▶ Exercise material
########################################

(* The proof counts swings explicitly.  A coalition of v is described by a set
   B of "large" players (weight 8 a_j) and three bits telling which "small"
   players (weight 1) it contains; a coalition of the merged game by B, the bit
   of the remaining small player and the bit of the merged player (weight 2).
   As 8 w(B) and the quota 4A + 2 have known residues mod 4, the swing windows
   reduce to elementary arithmetic, and with N the number of sets B such that
   2 w(B) = A we obtain:
   - every small player of v and the merged player swing 2N times;
   - the remaining small player of the merged game never swings;
   - every large player swings twice as often in v as in the merged game.
   So beta_{&T} = 2N / (2N + Y) and beta_{n-1} + beta_n = 4N / (6N + 2Y), Y being
   the total swing count of the large players after merging, and the
   inequality holds iff N > 0.  The file proves generic counting facts, sets up
   both coordinate systems, the window arithmetic and the swing counts, and
   concludes with the theorem. *)

Lemma critical_window (I : finType) (q : nat) (w : I -> nat) (j : I) (S : {set I}) :
  critical q w j S =
  [&& j \in S, q <= \sum_(i in S) w i & \sum_(i in S) w i < q + w j].
Proof.
rewrite /critical /winning; case jS: (j \in S) => //=.
by rewrite (big_setD1 j jS) /= -ltnNge [w j + _]addnC ltn_add2r.
Qed.

Lemma eta_indicator (I : finType) (q : nat) (w : I -> nat) (j : I) :
  Defs.eta q w j = \sum_(S : {set I}) critical q w j S.
Proof.
rewrite /Defs.eta -sum1_card big_mkcond; apply: eq_bigr => S _.
by rewrite inE; case: critical.
Qed.

Lemma sum_sig (I : finType) (P : pred I) (F : I -> nat) :
  \sum_(u : {x : I | P x}) F (val u) = \sum_(i | P i) F i.
Proof.
symmetry; rewrite (reindex_omap (val : {x : I | P x} -> I) insub) /=; last first.
  by move=> i Pi; rewrite insubT.
by apply: eq_bigl => -[i Pi] /=; rewrite insubT /= Pi; apply/eqP; congr Some.
Qed.

Lemma sum_option (U : finType) (F : option U -> nat) :
  \sum_p F p = F None + \sum_u F (Some u).
Proof.
rewrite (bigD1 None) //=; congr (_ + _).
rewrite (reindex_omap (@Some U) id) /=; last by case.
by apply: eq_bigl => u; rewrite eqxx.
Qed.

Section Coordinates.

Variables (k : nat) (a : 'I_k -> nat).
Implicit Types (B : {set 'I_k}).

Lemma val_inord_large (j : 'I_k) : (inord j : 'I_k.+3) = j :> nat.
Proof. by rewrite inordK //; have := ltn_ord j; lia. Qed.

Lemma ord3_cases (i : 'I_k.+3) :
  [\/ exists j : 'I_k, i = inord j, i = inord k, i = inord k.+1 | i = inord k.+2].
Proof.
case: (ltnP i k) => [ik | ki].
  by apply: Or41; exists (Ordinal ik); apply: val_inj; rewrite /= inordK //; lia.
have ltik := ltn_ord i.
have : (i : nat) \in [:: k; k.+1; k.+2] by rewrite !inE; lia.
by rewrite !inE => /or3P[] /eqP ei; [apply: Or42 | apply: Or43 | apply: Or44];
  apply: val_inj; rewrite /= inordK //; lia.
Qed.

Lemma sum_players (F : 'I_k.+3 -> nat) :
  \sum_i F i =
  \sum_(j < k) F (inord j) + F (inord k) + F (inord k.+1) + F (inord k.+2).
Proof.
rewrite (eq_bigr (fun i : 'I_k.+3 => F (inord i))); last by move=> i _; rewrite inord_val.
have -> : \sum_(i < k.+3) F (inord i) = \sum_(0 <= i < k.+3) F (inord i).
  by rewrite big_mkord.
by rewrite big_nat_recr // big_nat_recr // big_nat_recr //= big_mkord.
Qed.

Definition coalition B b0 b1 b2 : {set 'I_k.+3} :=
  [set i : 'I_k.+3 | if (i : nat) < k then [exists j in B, (j : nat) == i]
     else if (i : nat) == k then b0 else if (i : nat) == k.+1 then b1 else b2].

Lemma mem_coalition_large B b0 b1 b2 (j : 'I_k) :
  (inord j \in coalition B b0 b1 b2) = (j \in B).
Proof.
rewrite inE val_inord_large ltn_ord.
apply/existsP/idP => [[j' /andP[j'B /eqP ej]] | jB]; last by exists j; rewrite jB eqxx.
by rewrite -(ord_inj ej).
Qed.

Lemma mem_coalition_x0 B b0 b1 b2 : (inord k \in coalition B b0 b1 b2) = b0.
Proof. by rewrite inE inordK ?ltnn ?eqxx //; lia. Qed.

Lemma mem_coalition_x1 B b0 b1 b2 : (inord k.+1 \in coalition B b0 b1 b2) = b1.
Proof.
rewrite inE inordK; last lia.
by rewrite ifN; [rewrite ifN ?eqxx // | ]; lia.
Qed.

Lemma mem_coalition_x2 B b0 b1 b2 : (inord k.+2 \in coalition B b0 b1 b2) = b2.
Proof. by rewrite inE inordK ?ifN //; lia. Qed.

Lemma sum_coalitions (G : {set 'I_k.+3} -> nat) :
  \sum_S G S =
  \sum_B \sum_(b0 : bool) \sum_(b1 : bool) \sum_(b2 : bool) G (coalition B b0 b1 b2).
Proof.
rewrite (reindex (fun p : {set 'I_k} * bool * bool * bool =>
                    coalition p.1.1.1 p.1.1.2 p.1.2 p.2)) /=.
  rewrite -[LHS](pair_bigA _ (fun x b2 => G (coalition x.1.1 x.1.2 x.2 b2))) /=.
  rewrite -[LHS](pair_bigA _ (fun x b1 => \sum_b2 G (coalition x.1 x.2 b1 b2))) /=.
  by rewrite -[LHS](pair_bigA _ (fun B b0 => \sum_b1 \sum_b2 G (coalition B b0 b1 b2))).
exists (fun S : {set 'I_k.+3} => ([set j : 'I_k | inord j \in S],
   inord k \in S, inord k.+1 \in S, inord k.+2 \in S)).
  move=> [[[B b0] b1] b2] _ /=.
  rewrite mem_coalition_x0 mem_coalition_x1 mem_coalition_x2.
  by congr (_, _, _, _); apply/setP => j; rewrite inE mem_coalition_large.
move=> S _; apply/setP => i /=.
case: (ord3_cases i) => [[j ->] | -> | -> | ->].
- by rewrite mem_coalition_large inE.
- by rewrite mem_coalition_x0.
- by rewrite mem_coalition_x1.
- by rewrite mem_coalition_x2.
Qed.

Lemma v_weights_large (j : 'I_k) : v_weights a (inord j) = 8 * a j.
Proof.
rewrite /v_weights; case: ltnP => [lt_jk | ]; last by rewrite val_inord_large leqNgt ltn_ord.
by congr (8 * a _); apply: val_inj; rewrite /= val_inord_large.
Qed.

Lemma v_weights_small (i : 'I_k.+3) : k <= i -> v_weights a i = 1.
Proof. by rewrite /v_weights; case: ltnP => // lt_ik; rewrite leqNgt lt_ik. Qed.

Lemma v_weights_x0 : v_weights a (inord k) = 1.
Proof. by apply: v_weights_small; rewrite inordK //; lia. Qed.

Lemma v_weights_x1 : v_weights a (inord k.+1) = 1.
Proof. by apply: v_weights_small; rewrite inordK //; lia. Qed.

Lemma v_weights_x2 : v_weights a (inord k.+2) = 1.
Proof. by apply: v_weights_small; rewrite inordK //; lia. Qed.

Lemma weight_coalition B b0 b1 b2 :
  \sum_(i in coalition B b0 b1 b2) v_weights a i =
  8 * \sum_(j in B) a j + (b0 + b1 + b2).
Proof.
rewrite big_mkcond sum_players mem_coalition_x0 mem_coalition_x1 mem_coalition_x2.
rewrite v_weights_x0 v_weights_x1 v_weights_x2 big_distrr /= [X in _ = X + _]big_mkcond.
rewrite -!addnA; congr (_ + _).
by apply: eq_bigr => j _; rewrite mem_coalition_large v_weights_large; case: (j \in B).
Qed.

(* Coordinates for the merged game: the small players inord k.+1 and
   inord k.+2 form the set T, replaced by the merged player None of weight 2.
   A coalition of the merged game corresponds to a coalition of v that
   contains both or neither of the players of T, i.e. to coordinates
   (B, b0, b1, b1). *)
Definition T_merge : {set 'I_k.+3} := [set inord k.+1; inord k.+2].

Notation merged := (merged_player T_merge).

Lemma T_merge_large (j : 'I_k) : (inord j \in T_merge) = false.
Proof.
by rewrite !inE -!val_eqE /= val_inord_large !inordK //; have := ltn_ord j; lia.
Qed.

Lemma T_merge_x0 : (inord k \in T_merge) = false.
Proof. by rewrite !inE -!val_eqE /= !inordK //; lia. Qed.

Lemma T_merge_x1 : inord k.+1 \in T_merge.
Proof. by rewrite !inE eqxx. Qed.

Lemma T_merge_x2 : inord k.+2 \in T_merge.
Proof. by rewrite !inE eqxx orbT. Qed.

Definition contract (S : {set 'I_k.+3}) : {set merged} :=
  [set p : merged | if p is Some u then val u \in S else inord k.+1 \in S].

Definition expand (S' : {set merged}) : {set 'I_k.+3} :=
  [set i | if insub i is Some u then Some u \in S' else None \in S'].

Lemma mem_contract_None (S : {set 'I_k.+3}) :
  (None \in contract S) = (inord k.+1 \in S).
Proof. by rewrite inE. Qed.

Lemma mem_contract_Some (S : {set 'I_k.+3}) u :
  (Some u \in contract S) = (val u \in S).
Proof. by rewrite inE. Qed.

Lemma contractK : cancel expand contract.
Proof.
move=> S'; apply/setP => -[u|]; rewrite !inE; first by rewrite valK.
by rewrite insubN // negbK T_merge_x1.
Qed.

Lemma mem_expand_contract (S : {set 'I_k.+3}) (i : 'I_k.+3) :
  (i \in expand (contract S)) = if i \in T_merge then inord k.+1 \in S else i \in S.
Proof.
by rewrite inE; case: insubP => [u /negbTE -> <- | /negPn ->]; rewrite inE.
Qed.

Lemma expand_contract_coalition B b0 b1 b2 :
  expand (contract (coalition B b0 b1 b2)) = coalition B b0 b1 b1.
Proof.
apply/setP => i; rewrite mem_expand_contract.
case: (ord3_cases i) => [[j ->] | -> | -> | ->].
- by rewrite T_merge_large !mem_coalition_large.
- by rewrite T_merge_x0 !mem_coalition_x0.
- by rewrite T_merge_x1 !mem_coalition_x1.
- by rewrite T_merge_x2 mem_coalition_x1 mem_coalition_x2.
Qed.

Lemma sum_merged_coalitions (G : {set merged} -> nat) :
  \sum_S' G S' =
  \sum_B \sum_(b0 : bool) \sum_(b1 : bool) G (contract (coalition B b0 b1 b1)).
Proof.
rewrite (reindex_onto contract expand); last by move=> S' _; rewrite contractK.
rewrite big_mkcond sum_coalitions; apply: eq_bigr => B _; apply: eq_bigr => b0 _.
apply: eq_bigr => b1 _; rewrite big_bool !expand_contract_coalition.
have same_coalition b2 : (coalition B b0 b1 b1 == coalition B b0 b1 b2) = (b1 == b2).
  apply/eqP/eqP => [E | <-] //.
  by rewrite -(mem_coalition_x2 B b0 b1 b1) E mem_coalition_x2.
by rewrite !same_coalition; case: b1 {same_coalition}; rewrite /= ?addn0.
Qed.

Lemma merged_weight_None : merge_weights (v_weights a) T_merge None = 2.
Proof.
rewrite /= big_mkcond sum_players T_merge_x0 T_merge_x1 T_merge_x2.
rewrite v_weights_x1 v_weights_x2.
by rewrite big1 // => j _; rewrite T_merge_large.
Qed.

########################################

▶ What needs to be done
Please copy, exactly and with nothing else, the lines above beginning at the line that has "As 8 w(B) and" and ending with the line that has "the total swing".

▶ Expected output
   As 8 w(B) and the quota 4A + 2 have known residues mod 4, the swing windows
   reduce to elementary arithmetic, and with N the number of sets B such that
   2 w(B) = A we obtain:
   - every small player of v and the merged player swing 2N times;
   - the remaining small player of the merged game never swings;
   - every large player swings twice as often in v as in the merged game.
   So beta_{&T} = 2N / (2N + Y) and beta_{n-1} + beta_n = 4N / (6N + 2Y), Y being
   the total swing count of the large players after merging, and the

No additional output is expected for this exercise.